In view of the foregoing, there exists in the related art a need for a general effective tool to enhance the spectral quality by correcting errors before spectral integration, especially in a fast and real-time manner, so that subsequent spectral data interpretation is improved.

SUMMARY

The following presents a simplified summary of the disclosure in order to provide a basic understanding to the reader. This summary is not an extensive overview of the disclosure and it does not identify key/critical elements of the present invention or delineate the scope of the present invention. Its sole purpose is to present some concepts disclosed herein in a simplified form as a prelude to the more detailed description that is presented later.

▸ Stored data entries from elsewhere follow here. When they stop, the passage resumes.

Lemma step_total_silver k : step_total (silver k) = rho ^+ k - 1.
Proof.
elim: k => [|k IH]; first by rewrite step_total_nil expr0 subrr.
by rewrite silver_schedule_rec step_total_cat step_total_cons IH exprS; lra.
Qed.

Lemma silver_schedule_ge0 k : all (fun t => 0 <= t) (silver k).
Proof.
elim: k => [//|k IH]; rewrite silver_schedule_rec all_cat IH /= IH andbT.
have rhok_ge0 : 0 <= rho ^+ k by rewrite exprn_ge0 // (le_trans _ silver_ratio_ge2).
by have := silver_ratio_ge2; nra.
Qed.

End SilverSchedule.

Section Rate.
Variables (R : realType) (n : nat) (F : 'rV[R]_n -> R) (gF : 'rV[R]_n -> 'rV[R]_n).
Hypothesis gap_ge0 : forall x y, 0 <= interp_gap F gF x y.
Local Notation rho := (@silver_ratio R).

Lemma interp_sum_ge0 (h : seq R) x z :
  all (fun t => 0 <= t) h -> 0 <= interp_sum F gF h x z.
Proof.
elim: h x => [|m h IH] x; first by rewrite /interp_sum gd_sum_nil.
case/andP=> m_ge0 h_ge0.
by rewrite /interp_sum gd_sum_cons addr_ge0 ?mulr_ge0 ?IH.
Qed.

Lemma certificate_silver_ge0 k x : 0 <= certificate F gF (silver_schedule k) x.
Proof.
elim: k x => [|k IH] x; first by rewrite certificate_nil.
have rho_ge0 : 0 <= rho by rewrite (le_trans _ (silver_ratio_ge2 R)).
have rhok_ge0 : 0 <= rho ^+ k by rewrite exprn_ge0.
rewrite silver_schedule_rec (certificate_cat_cons F gF x (silver_ratio_sqr R)
  (step_total_silver R k) (step_total_silver R k) erefl) /=.
have := silver_schedule_ge0 R k => silver_ge0.
apply: addr_ge0; last exact: mulr_ge0 rhok_ge0 (gap_ge0 _ _).
apply: addr_ge0; last exact: mulr_ge0 rho_ge0 (gap_ge0 _ _).
apply: addr_ge0; last by rewrite mulr_ge0 // addr_ge0 // interp_sum_ge0.
by rewrite addr_ge0 ?mulr_ge0 ?IH.
Qed.

(* Sum the certificate, the interpolation sum at [xs], [(alpha + 1) Q xs xN], and the square
   [|xN - xs - (alpha + 1) gF xN|^2 / 2], all nonnegative. *)
Lemma rate_of_certificate (h : seq R) x xs :
  gF xs = 0 -> 0 <= certificate F gF h x -> all (fun t => 0 <= t) h ->
  (2 * step_total h + 1) * (F (gd_last gF h x) - F xs) <= dotv (x - xs) (x - xs) / 2.
Proof.
move=> g0 cert_ge0 h_ge0.
have alpha1_ge0 : 0 <= step_total h + 1 by rewrite addr_ge0 ?step_total_ge0.
have := interp_sum_ge0 x xs h_ge0; rewrite interp_sumE g0.
have := mulr_ge0 alpha1_ge0 (gap_ge0 xs (gd_last gF h x)); rewrite /interp_gap g0.
move: cert_ge0; rewrite /certificate.
set xN := gd_last gF h x; set A := step_total h.
have := dotvv_ge0 (xN - xs - (A + 1) *: gF xN).
set gN := gF xN; set SF := fsum F gF h x; set G1 := gsum gF h x; set G2 := gsum2 gF h x.
clearbody SF G1 G2 A gN xN.
rewrite !(dotvBl, dotvBr, dotvZl, dotvZr, dotvNl, dotvNr, dotv0l, dotv0r).
rewrite ?(dotvC xs x) ?(dotvC xN x) ?(dotvC gN x) ?(dotvC xN xs) ?(dotvC gN xs)
  ?(dotvC gN xN).
lra.
Qed.

End Rate.

Theorem theorem4 (R : realType) (n : nat) (F : 'rV[R]_n -> R)
  (gF : 'rV[R]_n -> 'rV[R]_n) (xstar x0 : 'rV[R]_n) (k : nat) :
  has_gradient F gF -> convex_fun F -> one_smooth gF ->
  (forall y, F xstar <= F y) ->
  (1 <= k)%N ->
  F (gd_iter gF (silver_schedule k) x0 (2 ^ k - 1)%N) - F xstar
    <= (4 * silver_ratio ^+ k - 2)^-1 * enorm (x0 - xstar) ^+ 2.
Proof.
move=> F_grad F_convex gF_lip xstar_min _.
have gap_ge0 := interp_gap_ge0 F_grad gF_lip F_convex.
have := rate_of_certificate gap_ge0 (grad_eq0_of_min F_grad gF_lip xstar_min)
  (certificate_silver_ge0 gap_ge0 k x0) (silver_schedule_ge0 R k).
rewrite step_total_silver -sqr_enorm /gd_last size_silver_schedule.
have rhok_ge1 : 1 <= silver_ratio ^+ k :> R.
  by rewrite exprn_ege1 // (le_trans _ (silver_ratio_ge2 R)) // ler1n.
by move=> bound; rewrite ler_pdivlMl; lra.
Qed.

The present disclosure aims at providing a dynamic data correction (DDC) method and an apparatus for carrying out such method, so that errors are reduced and a high-resolution and high-quality spectrum is generated. This method is different from other data correction methods that only conduct the correction after the integrated data sets are saved (also known as an off-line correction approach). The DDC method can be performed in high speed because the correction only applies locally to the data points close to peaks, instead of to the entire spectrum as most correction methods do. This approach allows the DDC method to perform high-speed real-time data correction by analyzing every single acquisition event. This unique feature is not achievable with other conventional data correction methods.

Accordingly, one aspect of the disclosure is directed to a computer implemented method for generating a high-resolution spectrum from a plurality of SS spectra independently obtained from a spectrometer. The method comprises,

(a) providing a reference spectrum;

(b) finding a target peak consisting of a plurality of data points with each of the data points having a first x coordinate from one of the plurality of SS spectra within a first interval (Δe), in which the first interval (Δe) is determined by the width of a corresponding reference peak in the reference spectrum at 1-99% of the peak height;

(c) aligning the target peak found in the step (b) with the corresponding reference peak;

(d-1) moving the data points that are independently above a threshold relative to the peak maximum of the aligned target peak of the step (c) via interpolation, and resampling the data points with the first x coordinate; or

(d-2) moving the data points that are independently above a threshold relative to the peak maximum of the aligned target peak of the step (c) linearly with the peak maximum, and resampling the data points with the first x coordinate;

(e) repeating the steps (b) to (d-1) or the steps (b) to (d-2) until no target peak is found in the step (b) and generating a corrected SS spectrum;

(f) repeating the step (e) for a plurality of times to produce a plurality of the corrected SS spectra; and

(g) integrating the plurality of the corrected SS spectra of step (f) and thereby generating the high-resolution spectrum.

According to some embodiments of the present disclosure, in the step (a), the reference spectrum is generated by integrating the plurality of SS spectra.

According to some embodiments of the present disclosure, in the step (b), the maximum intensity of the target peak is above the background noise.

According to certain preferred embodiments of the present disclosure, in the step (b), if more than one peaks are identified within the first interval (Δe), then select the one with the highest intensity or closest to the reference peak as the target peak.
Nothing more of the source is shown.